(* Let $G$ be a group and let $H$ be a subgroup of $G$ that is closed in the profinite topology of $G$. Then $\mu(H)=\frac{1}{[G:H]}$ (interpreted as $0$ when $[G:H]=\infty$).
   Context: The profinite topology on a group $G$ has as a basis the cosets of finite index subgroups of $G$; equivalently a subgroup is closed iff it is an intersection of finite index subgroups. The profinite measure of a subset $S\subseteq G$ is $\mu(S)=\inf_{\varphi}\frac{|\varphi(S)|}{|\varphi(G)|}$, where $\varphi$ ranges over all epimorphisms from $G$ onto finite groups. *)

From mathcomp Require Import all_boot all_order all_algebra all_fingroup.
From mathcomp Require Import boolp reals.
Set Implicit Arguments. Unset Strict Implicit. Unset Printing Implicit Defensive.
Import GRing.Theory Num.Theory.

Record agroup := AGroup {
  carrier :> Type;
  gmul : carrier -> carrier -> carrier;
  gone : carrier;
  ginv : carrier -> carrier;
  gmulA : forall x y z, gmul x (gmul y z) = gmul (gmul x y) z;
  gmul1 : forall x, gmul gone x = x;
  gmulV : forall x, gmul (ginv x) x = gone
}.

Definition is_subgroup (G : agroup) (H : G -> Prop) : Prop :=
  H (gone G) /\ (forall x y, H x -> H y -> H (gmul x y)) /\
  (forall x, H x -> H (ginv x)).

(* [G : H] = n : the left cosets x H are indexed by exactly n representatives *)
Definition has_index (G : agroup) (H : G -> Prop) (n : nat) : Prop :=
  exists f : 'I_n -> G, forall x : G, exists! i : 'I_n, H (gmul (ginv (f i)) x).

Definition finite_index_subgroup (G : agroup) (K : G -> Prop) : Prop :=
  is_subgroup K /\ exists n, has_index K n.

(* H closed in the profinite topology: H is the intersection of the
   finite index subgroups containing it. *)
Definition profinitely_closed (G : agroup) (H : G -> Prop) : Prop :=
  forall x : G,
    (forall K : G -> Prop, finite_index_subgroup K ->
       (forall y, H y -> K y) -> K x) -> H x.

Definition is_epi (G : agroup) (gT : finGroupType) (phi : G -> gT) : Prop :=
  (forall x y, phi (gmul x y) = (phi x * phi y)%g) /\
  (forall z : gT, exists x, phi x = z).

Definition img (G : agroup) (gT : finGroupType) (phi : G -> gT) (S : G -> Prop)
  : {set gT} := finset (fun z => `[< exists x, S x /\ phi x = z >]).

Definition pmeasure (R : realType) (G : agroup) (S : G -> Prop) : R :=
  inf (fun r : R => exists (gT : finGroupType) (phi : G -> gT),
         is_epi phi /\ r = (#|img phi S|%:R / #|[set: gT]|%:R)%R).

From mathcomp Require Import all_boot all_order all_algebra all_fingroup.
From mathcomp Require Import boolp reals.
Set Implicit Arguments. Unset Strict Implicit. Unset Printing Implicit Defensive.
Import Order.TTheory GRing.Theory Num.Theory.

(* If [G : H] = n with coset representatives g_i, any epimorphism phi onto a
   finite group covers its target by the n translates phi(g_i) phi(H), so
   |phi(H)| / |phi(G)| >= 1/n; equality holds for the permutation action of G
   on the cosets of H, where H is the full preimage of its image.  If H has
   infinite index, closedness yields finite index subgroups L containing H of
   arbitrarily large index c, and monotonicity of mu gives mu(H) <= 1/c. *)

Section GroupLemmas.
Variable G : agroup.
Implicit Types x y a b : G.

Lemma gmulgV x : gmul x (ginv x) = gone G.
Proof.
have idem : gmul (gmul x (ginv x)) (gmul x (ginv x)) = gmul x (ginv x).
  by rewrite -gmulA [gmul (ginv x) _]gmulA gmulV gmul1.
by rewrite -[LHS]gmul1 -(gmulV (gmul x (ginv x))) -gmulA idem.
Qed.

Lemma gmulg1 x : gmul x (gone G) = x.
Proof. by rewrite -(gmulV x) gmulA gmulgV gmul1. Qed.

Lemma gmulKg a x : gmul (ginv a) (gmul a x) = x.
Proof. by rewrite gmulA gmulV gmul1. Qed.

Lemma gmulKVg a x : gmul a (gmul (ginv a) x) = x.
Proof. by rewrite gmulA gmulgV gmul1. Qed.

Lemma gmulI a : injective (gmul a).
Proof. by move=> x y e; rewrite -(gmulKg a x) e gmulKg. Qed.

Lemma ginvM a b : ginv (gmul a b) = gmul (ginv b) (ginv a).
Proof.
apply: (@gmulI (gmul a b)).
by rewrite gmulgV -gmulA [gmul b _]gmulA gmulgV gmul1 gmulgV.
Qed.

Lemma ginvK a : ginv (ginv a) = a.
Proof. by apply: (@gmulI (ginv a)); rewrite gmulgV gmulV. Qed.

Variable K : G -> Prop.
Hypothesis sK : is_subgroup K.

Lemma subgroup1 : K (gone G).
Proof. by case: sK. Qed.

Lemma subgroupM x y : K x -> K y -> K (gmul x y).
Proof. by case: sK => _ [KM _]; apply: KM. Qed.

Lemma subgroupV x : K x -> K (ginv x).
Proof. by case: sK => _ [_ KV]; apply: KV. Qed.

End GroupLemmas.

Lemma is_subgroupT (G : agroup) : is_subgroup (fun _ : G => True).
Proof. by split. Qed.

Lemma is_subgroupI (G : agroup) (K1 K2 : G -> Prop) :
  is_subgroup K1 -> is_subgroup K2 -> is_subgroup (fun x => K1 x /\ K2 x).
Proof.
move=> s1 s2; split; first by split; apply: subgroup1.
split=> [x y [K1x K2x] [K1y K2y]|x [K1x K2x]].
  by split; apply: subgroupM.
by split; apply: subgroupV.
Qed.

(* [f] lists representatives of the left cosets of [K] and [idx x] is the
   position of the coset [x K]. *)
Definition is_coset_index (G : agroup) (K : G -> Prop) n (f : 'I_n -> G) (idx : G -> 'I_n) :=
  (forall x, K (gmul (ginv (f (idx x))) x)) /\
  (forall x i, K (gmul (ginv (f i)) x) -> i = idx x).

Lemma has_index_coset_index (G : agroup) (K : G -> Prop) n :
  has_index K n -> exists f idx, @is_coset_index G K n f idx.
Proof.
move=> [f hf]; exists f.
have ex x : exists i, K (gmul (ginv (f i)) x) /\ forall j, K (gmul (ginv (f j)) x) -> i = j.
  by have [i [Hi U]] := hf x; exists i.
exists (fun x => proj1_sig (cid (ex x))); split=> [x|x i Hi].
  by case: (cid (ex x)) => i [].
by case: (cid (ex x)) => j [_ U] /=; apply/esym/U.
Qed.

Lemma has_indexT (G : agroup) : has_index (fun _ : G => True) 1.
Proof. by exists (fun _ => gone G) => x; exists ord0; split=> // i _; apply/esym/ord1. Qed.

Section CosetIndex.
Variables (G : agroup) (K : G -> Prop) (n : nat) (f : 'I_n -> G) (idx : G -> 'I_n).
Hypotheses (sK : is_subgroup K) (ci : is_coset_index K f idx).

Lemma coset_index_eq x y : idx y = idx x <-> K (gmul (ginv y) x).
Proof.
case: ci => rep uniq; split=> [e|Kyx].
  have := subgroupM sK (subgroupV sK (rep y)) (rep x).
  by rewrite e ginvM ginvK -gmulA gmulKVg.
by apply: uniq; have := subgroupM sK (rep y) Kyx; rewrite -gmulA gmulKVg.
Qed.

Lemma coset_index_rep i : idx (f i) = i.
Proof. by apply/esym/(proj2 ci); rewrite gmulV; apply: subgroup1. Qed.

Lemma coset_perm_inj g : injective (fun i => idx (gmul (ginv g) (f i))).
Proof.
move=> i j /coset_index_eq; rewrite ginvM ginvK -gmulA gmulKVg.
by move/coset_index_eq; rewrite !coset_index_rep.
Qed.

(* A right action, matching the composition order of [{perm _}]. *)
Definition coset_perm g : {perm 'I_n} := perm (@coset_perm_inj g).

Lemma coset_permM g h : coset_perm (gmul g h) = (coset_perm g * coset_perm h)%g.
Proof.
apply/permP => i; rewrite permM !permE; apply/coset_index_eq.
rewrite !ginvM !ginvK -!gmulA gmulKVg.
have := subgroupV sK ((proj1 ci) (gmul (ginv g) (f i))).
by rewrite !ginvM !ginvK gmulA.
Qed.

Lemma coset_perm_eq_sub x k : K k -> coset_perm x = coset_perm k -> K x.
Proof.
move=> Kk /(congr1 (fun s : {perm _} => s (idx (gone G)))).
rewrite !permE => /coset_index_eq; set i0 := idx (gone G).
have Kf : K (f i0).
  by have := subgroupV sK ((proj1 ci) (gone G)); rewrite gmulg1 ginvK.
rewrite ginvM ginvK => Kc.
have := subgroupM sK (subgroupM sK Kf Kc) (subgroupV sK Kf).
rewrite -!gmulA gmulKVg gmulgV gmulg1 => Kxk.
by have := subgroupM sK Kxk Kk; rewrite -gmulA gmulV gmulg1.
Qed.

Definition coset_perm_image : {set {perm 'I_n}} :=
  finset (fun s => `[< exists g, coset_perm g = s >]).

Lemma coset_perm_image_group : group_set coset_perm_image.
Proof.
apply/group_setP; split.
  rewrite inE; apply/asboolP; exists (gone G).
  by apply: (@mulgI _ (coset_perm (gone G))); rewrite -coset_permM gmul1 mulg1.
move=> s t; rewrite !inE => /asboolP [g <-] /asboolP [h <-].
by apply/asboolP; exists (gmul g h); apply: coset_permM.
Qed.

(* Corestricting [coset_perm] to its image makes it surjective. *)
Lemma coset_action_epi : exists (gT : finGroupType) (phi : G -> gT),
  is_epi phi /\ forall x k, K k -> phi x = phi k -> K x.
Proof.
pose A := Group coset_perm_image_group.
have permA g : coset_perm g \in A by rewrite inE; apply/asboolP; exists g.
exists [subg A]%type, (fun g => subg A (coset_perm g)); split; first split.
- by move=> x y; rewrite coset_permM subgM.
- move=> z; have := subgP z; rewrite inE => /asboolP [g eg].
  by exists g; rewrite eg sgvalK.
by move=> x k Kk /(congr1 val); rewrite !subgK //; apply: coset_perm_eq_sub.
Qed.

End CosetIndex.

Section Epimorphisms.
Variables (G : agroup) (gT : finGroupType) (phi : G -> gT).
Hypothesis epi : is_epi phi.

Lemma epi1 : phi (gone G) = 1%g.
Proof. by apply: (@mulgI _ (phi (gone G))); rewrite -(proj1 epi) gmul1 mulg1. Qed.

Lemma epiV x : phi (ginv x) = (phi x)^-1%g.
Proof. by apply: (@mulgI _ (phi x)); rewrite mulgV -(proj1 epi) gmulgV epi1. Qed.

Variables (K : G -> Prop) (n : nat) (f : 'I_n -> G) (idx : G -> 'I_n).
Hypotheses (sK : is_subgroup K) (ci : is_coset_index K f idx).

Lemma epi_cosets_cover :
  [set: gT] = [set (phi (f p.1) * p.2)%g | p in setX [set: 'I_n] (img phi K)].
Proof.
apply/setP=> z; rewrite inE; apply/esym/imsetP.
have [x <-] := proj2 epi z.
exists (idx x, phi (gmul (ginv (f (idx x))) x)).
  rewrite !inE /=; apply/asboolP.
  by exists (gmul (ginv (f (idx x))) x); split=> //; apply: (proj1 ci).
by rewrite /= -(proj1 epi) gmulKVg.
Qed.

Problem details
The word to find is "esym". Copy every line of the data that holds it.

Expected answer
by case: (cid (ex x)) => j [_ U] /=; apply/esym/U.
Proof. by exists (fun _ => gone G) => x; exists ord0; split=> // i _; apply/esym/ord1. Qed.
Proof. by apply/esym/(proj2 ci); rewrite gmulV; apply: subgroup1. Qed.
apply/setP=> z; rewrite inE; apply/esym/imsetP.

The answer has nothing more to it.